A new program lets 160,000 state employees price shop for medical procedures, such as mammograms or colonoscopies, and if they choose a cheaper option, they pocket some of the difference.
The shared savings program could save the state money — Kentucky started something similar that saved it $10 million between 2013 and 2015, of which $1.1 million went to employee rewards.
But in Virginia, it could be awhile before those tools are available to everyone else. During last year’s General Assembly session, legislation that would have required all insurance companies licensed by the Bureau of Insurance to offer similar programs to their members failed.
Sen. Siobhan Dunnavant, R-Henrico, and Del. Kathy Byron, R-Bedford, introduced shared savings bills last year that would have required insurers to show their members how much procedures cost at different providers. If they chose a cheaper option, the member would have gotten half of the savings.
Byron’s bill was killed on the House floor, and Dunnavant’s was continued to the 2019 session. Now Dunnavant, who is an obstetrician-gynecologist, is hoping the state’s new program will show lawmakers that the idea works and could help lower the cost of health care.
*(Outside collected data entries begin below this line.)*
End Radial.

Lemma ln_lower_bound : exists2 K, 0 <= K &
  forall q, q != 0 -> - c * ln (enorm q) - a1 * enorm q - K <= G q.
Proof.
have [t0 /andP[t0_gt0 t0_le1] a5_small] : exists2 t0 : R, 0 < t0 <= 1 &
    forall t : R, 0 <= t <= t0 -> `|a5| * t `^ (b1 - b2) <= a4 / 2.
  by apply: powR_small; rewrite ?subr_gt0 ?divr_gt0.
have G_ge r : r != 0 -> - (a1 * (1 + enorm r + enorm r `^ (- b1))) <= G r.
  by move=> /G_bound; rewrite lerNl -normrN; apply: le_trans (ler_norm _).
have a1t0 : 0 <= a1 * t0 by rewrite mulr_ge0 // ltW.
have a1t0b : 0 <= a1 * t0 `^ (- b1) by rewrite mulr_ge0 ?powR_ge0 // ltW.
have a6t0 : 0 <= a6 * t0 by rewrite mulr_ge0 // ltW.
have ln_t0 : c * ln t0 <= 0 by rewrite mulr_ge0_le0 ?ln_le0 // ltW.
exists (a1 * (1 + t0 + t0 `^ (- b1)) + a6 * t0 - c * ln t0); first (have := ltW a1_gt0; lra).
move=> q q0; have t_gt0 := enorm_gt0 q0; set t := enorm q in t_gt0 *.
have a1t : 0 <= a1 * t by rewrite mulr_ge0 // ltW.
have [t_le | t_gt] := leP t t0.
- pose u := t^-1 *: q.
  have u1 : enorm u = 1 by rewrite enormZ gtr0_norm ?invr_gt0 // mulVf ?gt_eqF.
  have -> : q = t *: u by rewrite scalerA mulfV ?gt_eqF // scale1r.
  have t0u0 : t0 *: u != 0 by rewrite scaler_eq0 negb_or gt_eqF ?enorm1_neq0.
  have := G_ge _ t0u0; rewrite enormZ u1 mulr1 gtr0_norm //.
  have := radial_ln_le t0_gt0 t0_le1 a5_small u1 (_ : 0 < t <= t0).
  by rewrite t_gt0 t_le; have := mulr_ge0 (ltW a6_gt0) (ltW t_gt0); lra.
- have := G_ge _ q0; rewrite -/t.
  have pow_le : a1 * t `^ (- b1) <= a1 * t0 `^ (- b1).
    rewrite ler_wpM2l ?(ltW a1_gt0) //.
    by apply: powRN_le; [| exact: ltW | exact: le_trans ler01 b1_ge1].
  have ln_le : c * ln t0 <= c * ln t.
    by rewrite ler_wpM2l ?(ltW c_gt0) // ler_ln ?posrE // ltW.
  lra.
Qed.
(* Suppose the rows of $\tilde{\mathbf Z}^\star$ can be represented in a $d_0$-dimensional Fourier basis, i.e. $\mathbf F^\star$ has at most $d_0$ nonzero columns. Then $d=\operatorname{rank}(\mathbf R^\star)\le 2d_0$, and there exists $\tilde{\mathbf W}\in\mathbb O_T$ such that $$\begin{bmatrix}\operatorname{ASE}(\mathbf R^\star,d) & \mathbf 0\end{bmatrix}=\frac1{\sqrt T}\mathbf F^\star\mathbf K^{1/2}\tilde{\mathbf W},$$ where $\mathbf 0$ is the $n\times(T-d)$ zero matrix.
   Context: Let $\mathbf Z^\star\in\mathbb R^{n\times T}$ have rows $\mathbf Z^\star_i$ with $\sigma^{\star2}_i=\frac1T\|\mathbf M\mathbf Z^\star_i\|^2>0$, where $\mathbf M=\mathbf I-\frac1T\mathbf J$ is the centering projection ($\mathbf J$ all-ones). Let $\boldsymbol\Sigma^\star=\operatorname{diag}(\sigma^{\star2}_1,\dots,\sigma^{\star2}_n)$, $\tilde{\mathbf Z}^\star=\frac1{\sqrt T}(\boldsymbol\Sigma^\star)^{-1/2}\mathbf Z^\star\mathbf M$, and $\mathbf R^\star=\tilde{\mathbf Z}^\star\tilde{\mathbf Z}^{\star\top}$ (the correlation matrix of the rows of $\mathbf Z^\star$). Let $\mathbf F^\star\in\mathbb C^{n\times T}$ have entries $F^\star_{i,k}=\sum_{t=1}^T\tilde Z^\star_{i,t}\exp\{-2\pi\mathrm i(k-1)(t-1)/T\}$. Let $\mathbf K\in\mathbb R^{T\times T}$ be the permutation matrix with $K_{s,t}=1$ if $s=t=1$ or $s+t=T+2$, and $0$ otherwise; with $\mathbf P_\pm$ the orthogonal projections onto its $\pm1$ eigenspaces, $\mathbf K^{1/2}=\mathbf P_++\mathrm i\,\mathbf P_-$. For a symmetric $\mathbf A\in\mathbb R^{n\times n}$, $\operatorname{ASE}(\mathbf A,d)=\mathbf V|\mathbf D|^{1/2}$, where $\mathbf D$ is the diagonal matrix of the $d$ largest-magnitude eigenvalues of $\mathbf A$ and $\mathbf V\in\mathbb R^{n\times d}$ holds corresponding orthonormal eigenvectors. $\mathbb O_T$ denotes the $T\times T$ orthogonal matrices. *)

From HB Require Import structures.
From mathcomp Require Import all_boot all_order all_algebra.
From mathcomp Require Import complex.
From mathcomp Require Import reals trigo.
Set Implicit Arguments. Unset Strict Implicit. Unset Printing Implicit Defensive.
Import Order.TTheory GRing.Theory Num.Theory.
Local Open Scope ring_scope.
Theorem mainTheorem12 (P : Type) (p0 : P) :
  sound_strongly_complete p0 both_reflexive /\
  sound_strongly_complete p0 one_reflexive.
Proof.
  apply sandwich.
  - exact both_reflexive_one_reflexive.
  - apply soundness.
  - apply completeness.
Qed.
Virginia’s program, called SmartShopper, went live on Oct. 1 for those covered by the state’s self-insured plans — meaning the state pays its own claims itself — and includes about 50 procedures. If the employee chooses a less expensive option, they can get between $25 and $500, according to Gene Raney, director of the office of health benefits in the Virginia Department of Human Resources Management.
“We see SmartShopper as a way to save the health plan money and to benefit employees and retirees through offering cash incentives along the way,” Raney said. “The program is confidential and voluntary.”
If someone does not want to choose the cheapest option, they don’t have to, Raney added. The tool simply shows them the different costs and rewards them if they choose a cheaper one.
“I think it’s one of the most promising, organic ways to start to tackle the complex issues of high health care cost and high health insurance premiums,” said Joshua Archambault, a health policy analyst with the Foundation for Government Accountability. “It doesn’t solve the problem overnight, but it starts to have a meaningful impact in changing the culture we have in health care.”
Dunnavant, said the programs get patients more involved in their health care, particularly because, with price transparency, the member would be able to shop around knowing ahead of time what their bill should be.
That doesn’t happen often the way insurers and providers are currently set up. Today’s system disassociates the actual costs of services with what people pay because they’re insulated by insurance, she said.
“It’s a way to empower the patient, I think,” she said. “It’s a carrot, it’s not a stick. We’re incentivizing people to participate in the decision making. And it would lower the cost across the board.”
Prices can vary dramatically between providers for the same procedure. In Richmond, for example, a digital wrist x-ray can cost as low as $54 or as high as $347.
That’s due, in part, to the fact that providers negotiate their own individual rate with the insurers, and because some providers, such as hospitals, claim they need to charge more to cover departments they’re required by law to have, like the emergency room.
The shared savings practice started in larger companies, which are often self-insured. Those companies would not be subject to the proposed legislation because they’re not licensed by the Bureau of Insurance.
But requiring that insurers offer the programs might not be so simple in Virginia, argues Doug Gray, executive director of the Virginia Association of Health Plans.
“We like the idea of shopping, but we don’t like the idea of requiring it to be applied to a service in which there isn’t any competition,” he said.
Some parts of Virginia have only one dominant hospital system without any competing options, Gray said. That’s due to the Certificate of Public Need law, which requires that new medical providers, such as those hoping to build an imaging center, receive state approval first.
The law prevents competition, Gray said, and so requiring health plans to let their members shop is pointless if they only have one option anyway.
“We think that’s not a good use of resources,” he said. “Don’t overreach and try to require us to do something that isn’t going to be of any value.”
He said he thinks the shared savings law could have gotten further if it had been more specific, perhaps exempting regions where there isn’t competition.
But for Dunnavant, the point of the law is to ensure that more people are empowered to make choices about their health care.
“The status quo cannot persist,” she said. “Everybody needs to get into the game: Consumers need to make better choices, consumers need to have more choices, we need to look at improved preventive health care and we need to find ways to both lower costs and improve outcomes.”
Archambault pointed out that, in a climate where high-deductible health plans are becoming more prevalent, shared savings tools, and particularly the price transparency that comes with it, might be one of the best ways to help protect patients from unexpected bills that might bankrupt them.
He said what often happens in markets that support these shared savings programs is that patients start going with the cheaper options, and usually higher cost providers will re-examine their prices.
“What is really interesting is, as soon as you have price transparency, you start to have a conversation about quality, and the higher cost providers say you should come to us because the quality is better,” he said. “Which is a healthy conversation to have.”